Антипатра посреди ночи вытащили из узилища. Он отрицал близкое знакомство с Акмой и предположил, что письма подделал Антифил.
— Это решать императору, — ответил Ирод. — Я посылаю тебя в Рим, там ты предстанешь перед его судом.
— Хорошо, отец. Император справедлив, да и его не так-то легко ввести в заблуждение. Он разберется, принадлежат ли послания с подписью «Акма» самой Акме или подделаны моими врагами.
Но Ирод побоялся выпустить Антипатра из своих рук. Он послал в Рим Николая и Архелая с выборочным описанием доказательств, представленных на первом суде, с копиями писем (но не самими письмами), представленными на втором суде, и с настойчивой просьбой разрешить ему немедленно казнить отцеубийцу. Ирод не. забыл о богатых подарках для Ливии и для официального императорского советника. Тогда же он отправил Вару в Антиохию блюдо ценой в двадцать талантов.
Глава девятая КРОВЬ ЗАХАРИИ
Елисавета благополучно разрешилась от бремени здоровым мальчиком. Хлопотавшие вокруг нее женщины любовались им и ласково называли «маленьким Захарией», но Елисавета сказала:
— Не захваливайте ребенка! Это не. к добру. И, пожалуйста, не называйте его маленьким Захарией. Его зовут Иоанн.
— Да нет же! — вскричали женщины. — Госпожа, ты ошибаешься! Твой муж никогда не назовет его Иоанном, потому что такого имени нет в его роду. Наверно, он не назовет его и своим именем, чтоб не было путаницы. А что ты думаешь о Шевании?
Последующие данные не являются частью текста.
(* Let $e\geqslant 1$ and $b\geqslant 2$ be integers. Suppose that $e\not\equiv 1\pmod{p-1}$ for every prime divisor $p$ of $b-1$. Then for every positive integer $m$ there exists an integer $l>0$ such that $l+1,l+2,\ldots,l+m$ are all $(e,b)$-happy.
   Context: For integers $e\geqslant 1$, $b\geqslant 2$ and a positive integer $n=\sum_{j=0}^k a_j b^j$ with $0\leqslant a_j<b$, define $T_{e,b}(n)=\sum_{j=0}^k a_j^e$ (the sum of the $e$-th powers of the base-$b$ digits of $n$). $T_{e,b}^r$ denotes the $r$-th iterate of $T_{e,b}$, with $T_{e,b}^0(n)=n$. A positive integer $n$ is called $(e,b)$-happy if $T_{e,b}^r(n)=1$ for some $r\geqslant 0$. *)

From mathcomp Require Import all_boot.
Set Implicit Arguments. Unset Strict Implicit. Unset Printing Implicit Defensive.

(* Sum of e-th powers of base-b digits, with fuel. For b >= 2, fuel n
   suffices since each step strictly decreases the number. *)
Fixpoint digit_pow_sum_aux (fuel e b n : nat) : nat :=
  match fuel with
  | 0 => 0
  | fuel'.+1 =>
      if n == 0 then 0
      else (n %% b) ^ e + digit_pow_sum_aux fuel' e b (n %/ b)
  end.

Definition T (e b n : nat) : nat := digit_pow_sum_aux n e b n.

Definition happy (e b n : nat) : Prop :=
  0 < n /\ exists r : nat, iter r (T e b) n = 1.

From mathcomp Require Import all_boot ssralg zmodp finalg fingroup cyclic zify.
Set Implicit Arguments. Unset Strict Implicit. Unset Printing Implicit Defensive.

(* T is additive under concatenation of base-b digit strings, so prefixing x ones
   to L + s turns T (L + s) into x + T (L + s).  Hence a finite set S has a
   translate made of happy numbers as soon as its image under some composite of
   the maps n |-> T (L + n) has one, e.g. when that image is a single point c
   (translate by b ^ c - c).  It remains to merge any two numbers a < a + d by such
   maps.  Choosing L + a = a * b ^ t + v replaces the gap d by the gap between
   T (v + d) and T v; a gap (b - 1) q closes at once (v = q).  The hypothesis on e
   means that the numbers w ^ e - w, w < b, have no common prime factor p with
   b - 1: otherwise w ^ e = w mod p for all w, and cyclicity of (Z/p)^* gives
   e = 1 mod p - 1.  Incrementing all digits of blocks 0, 1, ..., w - 1 thus
   reduces every gap repunit N + b ^ N * Z, where N = (b - 1) b ^ 2 leaves room
   for the blocks, to a multiple of b - 1, and every gap d
   is first reduced to one of that shape through v = b ^ (d + k) - d, whose T
   grows with slope (b - 1) ^ e, a unit modulo b ^ N. *)

Definition undigits (b : nat) (ds : seq nat) : nat := foldr (fun d n => d + b * n) 0 ds.

Definition repunit (b k : nat) : nat := undigits b (nseq k 1).

Lemma undigits_map_succ b ds :
  undigits b (map S ds) = undigits b ds + repunit b (size ds).
Proof.
elim: ds => [|d ds IH] //=.
by rewrite /repunit /= -/(repunit b (size ds)) IH mulnDr; lia.
Qed.

Lemma undigits_nseq_pred b k : 0 < b -> undigits b (nseq k b.-1) = b ^ k - 1.
Proof.
move=> b_gt0; elim: k => [|k IH] //=; rewrite IH expnS mulnBr muln1.
have : b <= b * b ^ k by rewrite leq_pmulr ?expn_gt0 ?b_gt0.
by lia.
Qed.

Lemma undigits_lt b ds : all (fun d => d < b) ds -> undigits b ds < b ^ size ds.
Proof.
elim: ds => [|d ds IH] //= /andP [d_lt /IH ds_lt].
apply: (@leq_trans (b * (undigits b ds).+1)); first by rewrite mulnS ltn_add2r.
by rewrite expnS leq_mul2l ds_lt orbT.
Qed.

Lemma biggcdn_dvd_idx (f : nat -> nat) M l : \big[gcdn/M]_(w <- l) f w %| M.
Proof.
elim: l => [|w l IH]; rewrite ?big_nil ?big_cons //.
exact: dvdn_trans (dvdn_gcdr _ _) IH.
Qed.

Lemma biggcdn_dvd_term (f : nat -> nat) M l w :
  w \in l -> \big[gcdn/M]_(y <- l) f y %| f w.
Proof. by move=> wl; rewrite (big_rem_AC _ _ _ _ wl) dvdn_gcdl. Qed.

Lemma biggcdn_Bezout_sumn (f : nat -> nat) M l t : 0 < M ->
  \big[gcdn/M]_(w <- l) f w %| t ->
  exists ws, [/\ size ws <= M * size l, {subset ws <= l} & M %| sumn (map f ws) + t].
Proof.
move=> M_gt0; elim: l t => [|c l IH] t; first by rewrite big_nil; exists [::].
rewrite big_cons gcdnC; set g := \big[gcdn/M]_(w <- l) f w => /dvdnP [k def_t].
have g_gt0 : 0 < g := dvdn_gt0 M_gt0 (biggcdn_dvd_idx f M l).
have [a _ g_dvd_a] := Bezoutl (f c) g_gt0.
pose x := (k * a) %% g.
have g_dvd_x : g %| t + x * f c.
  have : g %| t + k * a * f c by rewrite def_t -mulnA -mulnDr dvdn_mull.
  rewrite {1}(divn_eq (k * a) g) mulnDl addnCA dvdn_addr //.
  by rewrite -mulnA mulnCA dvdn_mulr.
have [ws [size_ws ws_l M_dvd]] := IH _ g_dvd_x.
exists (nseq x c ++ ws); split.
- rewrite size_cat size_nseq mulnS leq_add //.
  exact: leq_trans (ltnW (ltn_pmod _ g_gt0)) (dvdn_leq M_gt0 (biggcdn_dvd_idx f M l)).
- move=> y; rewrite mem_cat => /orP [/nseqP [-> _]|/ws_l y_l]; first exact: mem_head.
  by rewrite inE y_l orbT.
- rewrite map_cat sumn_cat map_nseq sumn_nseq -addnA [_ + t]addnC addnA mulnC.
  by rewrite addnC [x * _ + t]addnC.
Qed.

(* A generator of the cyclic group (Z/p)^* of order p - 1 is fixed by x |-> x ^ e. *)
Lemma expn_id_mod_prime p e : prime p -> 0 < e ->
  (forall w, w < p -> w ^ e = w %[mod p]) -> e = 1 %[mod p.-1].
Proof.
move=> p_pr e_gt0 expn_id.
have p_gt1 := prime_gt1 p_pr.
have expZp_id (x : 'Z_p) : (x ^+ e)%R = x.
  apply: val_inj => /=; have x_lt : (x : nat) < p by rewrite -[p in _ < p]Zp_cast.
  by rewrite -[x in (x ^+ e)%R]natr_Zp -GRing.natrX val_Zp_nat // expn_id // modn_small.
have [g gen_g] := cyclicP (units_Zp_cyclic p_pr).
have order_g : #[g]%g = p.-1.
  by rewrite /order -gen_g card_units_Zp ?prime_gt0 // totient_prime.
have : (g ^+ e.-1 == 1)%g.
  apply/eqP; apply: (mulIg g); rewrite mul1g -expgSr prednK //.
  by apply: val_inj; rewrite FinRing.val_unitX expZp_id.
by rewrite -order_dvdn order_g => dvd_e; apply/eqP; rewrite eqn_mod_dvd // subn1.
Qed.

Lemma coprime_affine_solve a m r c : 0 < a -> 0 < m -> coprime a m ->
  exists k z, a * k + c = r + m * z.
Proof.
move=> a_gt0 m_gt0 co_am; have [ka km def_ka _] := egcdnP m a_gt0.
rewrite (eqP co_am) in def_ka.
pose y := r + m.-1 * c; exists (ka * y), (km * y + c).
rewrite mulnA [a * ka]mulnC def_ka mulnDl mul1n mulnDr mulnA [m * km]mulnC.
by rewrite -{3}(prednK m_gt0) mulSn /y; lia.
Qed.

Lemma sumn_le_size_mul (s : seq nat) m : all (fun x => x <= m) s -> sumn s <= size s * m.
Proof. by elim: s => [|x s IH] //= /andP [x_le /IH s_le]; rewrite mulSn leq_add. Qed.

Section DigitPowerSum.

Variables e b : nat.
Hypotheses (e_gt0 : 0 < e) (b_gt1 : 1 < b).

Let b_gt0 : 0 < b := ltnW b_gt1.

Lemma digit_pow_sum_aux_fuel f1 f2 n : n <= f1 -> n <= f2 ->
  digit_pow_sum_aux f1 e b n = digit_pow_sum_aux f2 e b n.
Proof.
elim: f1 f2 n => [|f1 IH] [|f2] n //=; rewrite ?leqn0.
- by move=> /eqP ->; case: f2.
- by move=> _ /eqP ->.
case: eqP => // /eqP n_neq0 n_le1 n_le2; congr (_ + _).
have n_div_lt : n %/ b < n by rewrite ltn_Pdiv // lt0n.
by apply: IH; rewrite -ltnS (leq_trans n_div_lt).
Qed.

Lemma T_unfold n : T e b n = if n == 0 then 0 else (n %% b) ^ e + T e b (n %/ b).
Proof.
case: n => [|n] //; rewrite /T /=; congr (_ + _).
by apply: digit_pow_sum_aux_fuel; rewrite // -ltnS ltn_Pdiv.
Qed.

Lemma T_digit_cons r h : r < b -> T e b (r + b * h) = r ^ e + T e b h.
Proof.
move=> r_lt; rewrite T_unfold addn_eq0 muln_eq0 (negbTE (lt0n_neq0 b_gt0)) /=.
rewrite [r + _]addnC [b * h]mulnC modnMDl modn_small // divnMDl // divn_small // addn0.
by case: ifP => // /andP [/eqP -> /eqP ->]; rewrite exp0n.
Qed.

Lemma T_cat s h r : r < b ^ s -> T e b (h * b ^ s + r) = T e b h + T e b r.
Proof.
elim: s h r => [|s IH] h r.
  by rewrite expn0 ltnS leqn0 => /eqP ->; rewrite muln1 !addn0.
move=> r_lt; have rq_lt : r %/ b < b ^ s by rewrite ltn_divLR // -expnSr.
rewrite (divn_eq r b) [_ * b + _]addnC [r %/ b * b]mulnC T_digit_cons ?ltn_mod //.
rewrite [RHS]addnCA -IH // -T_digit_cons ?ltn_mod //; congr (T e b _).
by rewrite mulnDr expnS mulnCA addnCA.
Qed.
Оно и похоже, и совсем другое, да и стоят они рядом. Может быть, Авия или Самуил, или, как знать, Езрон — эти имена были у него в роду. А Иоанн — никогда!
— Я сама дам имя ребенку. Мой муж немой, а мне нравится — Иоанн, ибо сказано в правилах обряда обрезания: «Отец скажет и назовет имя или ближайший родственник, если отец мертв». Мой муж жив, но говорить он не может.
Все запротестовали:
— Женщине нельзя давать имя сыну. Это не принято.
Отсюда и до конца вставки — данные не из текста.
Lemma mainstream_rec_FL : is_FL user creator 1 N threshold mainstream_rec (N%:R * (3/5)).
Proof.
split; first exact: mainstream_rec_feasible.
  rewrite is_LTE_cesaro_mean; apply: cesaro_mean_cvg; apply: cvg_near_cst.
  by apply: nearW => t; rewrite engagement_mainstream_rec.
by move=> Rs L; exact: LTE_le_mainstream.
Qed.

Lemma UC_initial_own_niche Rs i (j : 'I_(N + m)) :
  is_UC user creator 1 N threshold Rs -> j \in Rs 0%N i -> j = lshift m i.
Proof.
move=> [feas best]; have iU : i \in Us Rs 0 by rewrite inE.
have C_gt0 : (0 < N + m)%N by rewrite (leq_trans (ltnW N_gt1)) ?leq_addr.
have [_] := feas 0%N i iU; rewrite cardsT card_ord (minn_idPl C_gt0).
move=> /eqP/cards1P[j0 R0i]; rewrite R0i inE => /eqP ->.
have := best 0%N i iU [set lshift m i]%SET.
rewrite finset.sub1set inE cards1 R0i !big_set1.
rewrite eng_own_niche eng_instance => /(_ isT isT) le45.
apply/val_inj/eqP; apply: contraTT le45 => /negbTE j0i.
by rewrite -ltNge /= j0i; case: ifP => _; lra.
Qed.

Lemma UC_Cs1_set0 Rs : is_UC user creator 1 N threshold Rs -> Cs Rs 1 = finset.set0.
Proof.
move=> UC; apply/finset.setP => j; rewrite finset.in_set0; apply/negP => jC.
have own_niche i := UC_initial_own_niche UC (unanimous_creator i (leqnn N) jC).2.
have := own_niche (Ordinal N_gt1).
by rewrite (own_niche (Ordinal (ltnW N_gt1))) => /(congr1 val).
Qed.

Lemma UC_LTE0 Rs : is_UC user creator 1 N threshold Rs -> is_LTE Rs 0.
Proof.
move=> UC; rewrite is_LTE_cesaro_mean; apply: cesaro_mean_cvg; apply: cvg_near_cst.
exists 1%N => // t t_ge1.
by rewrite engagement_Cs_set0 ?(Cs_set0_after (UC_Cs1_set0 UC)) //; case: UC.
Qed.

End Instance.

Theorem theorem3 (R : realType) (n m : nat) :
  (0 < n)%N -> (0 < m)%N ->
  exists (D U C : nat) (u : 'I_U -> 'I_D -> R) (c : 'I_C -> 'I_D -> R)
         (K abar : nat) (ebar : R),
    [/\ (n <= U)%N, (m <= C)%N, valid_instance u c K ebar &
      exists (FL : recseq U C) (Lfl : R),
        [/\ is_FL u c K abar ebar FL Lfl, 0 < Lfl &
          forall UC : recseq U C, is_UC u c K abar ebar UC ->
            exists Luc : R, is_LTE u c K abar ebar UC Luc /\ Luc / Lfl = 0]].
Proof.
move=> N_gt1 m_gt0.
exists n.+2, n.+1, (n.+1 + m)%N, (@user R n.+1), (@creator R n.+1 m), 1%N, n.+1, (threshold R).
split; [exact: leqnSn | exact: leq_addl | exact: instance_valid |].
exists (mainstream_rec m_gt0), (n.+1%:R * (3/5)); split.
- exact: (@mainstream_rec_FL R n.+1 m N_gt1 m_gt0).
- by rewrite mulr_gt0 //; lra.
- move=> Rs UC; exists 0; split; last by rewrite mul0r.
  exact: (@UC_LTE0 R n.+1 m N_gt1 Rs UC).
Qed.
— Женщины, какого вы колена?
— Иудиного.
— А мой и ваш хозяин и я тоже — левиты. Почитайте Писание. Там вы найдете, как наша мать Лия дала имена Иуде и Левию, не удосужившись посоветоваться со своим мужем Иаковом.
На восьмой день, когда Елисавета вновь стала считаться чистой, из Беер-Шевы приехал раввин сделать мальчику обрезание. Он принял его из рук Силом и сказал:
— Имя ему Шевания.
— Нет, нет, — запротестовала Силом. — Его имя Иоанн. Так приказала госпожа Елисавета.
— Я не буду делать обрезание! — воскликнул раввин. — Пусть отец пишет подтверждение!
Захарию призвали из его покоев, где он уже несколько лет занимался алфавитным указателем и комментариями к пророчествам о Мессии. Раввин вручил ему табличку и спросил:
— Какое ты дал ему имя?
Тут из спальни выскочила Елисавета, встала между раввином и Захарией и возмущенно крикнула:
— Муж, я дала ребенку имя Иоанн, а они смеют со мной спорить! Скажи им, что у них нет такого права!
Захария написал: «Его зовут Иоанн».
— Иоанн? Что за Иоанн? — воскликнул дотошный старый раввин. — Мой господин, как же я буду обращаться к сыну Аарона, называя его по-новомодному Иоанном? До позавчерашнего дня в Израиле не было никаких Иоаннов!
Захария рассердился и вдруг закричал:
— Дурак, дурак, мул, упрямая скотина! Говорят тебе, его зовут Иоанн!
Услыхав крики Захарии, все растерялись. И сам он тоже растерялся, но ненадолго и простерся на полу, вознося хвалу Господу за то, что Он вернул ему дар речи.
Обряд обрезания продолжался, как следует по обычаю, и раввин произнес молитву:
— Господь наш и наших предков! Сохрани этого младенца для его отца и матери, и пусть все в Израиле зовут его Иоанн, сын Захарии. Пусть отец радуется тому, кто вышел из его чресел, и мать будет счастлива плодом своего чрева.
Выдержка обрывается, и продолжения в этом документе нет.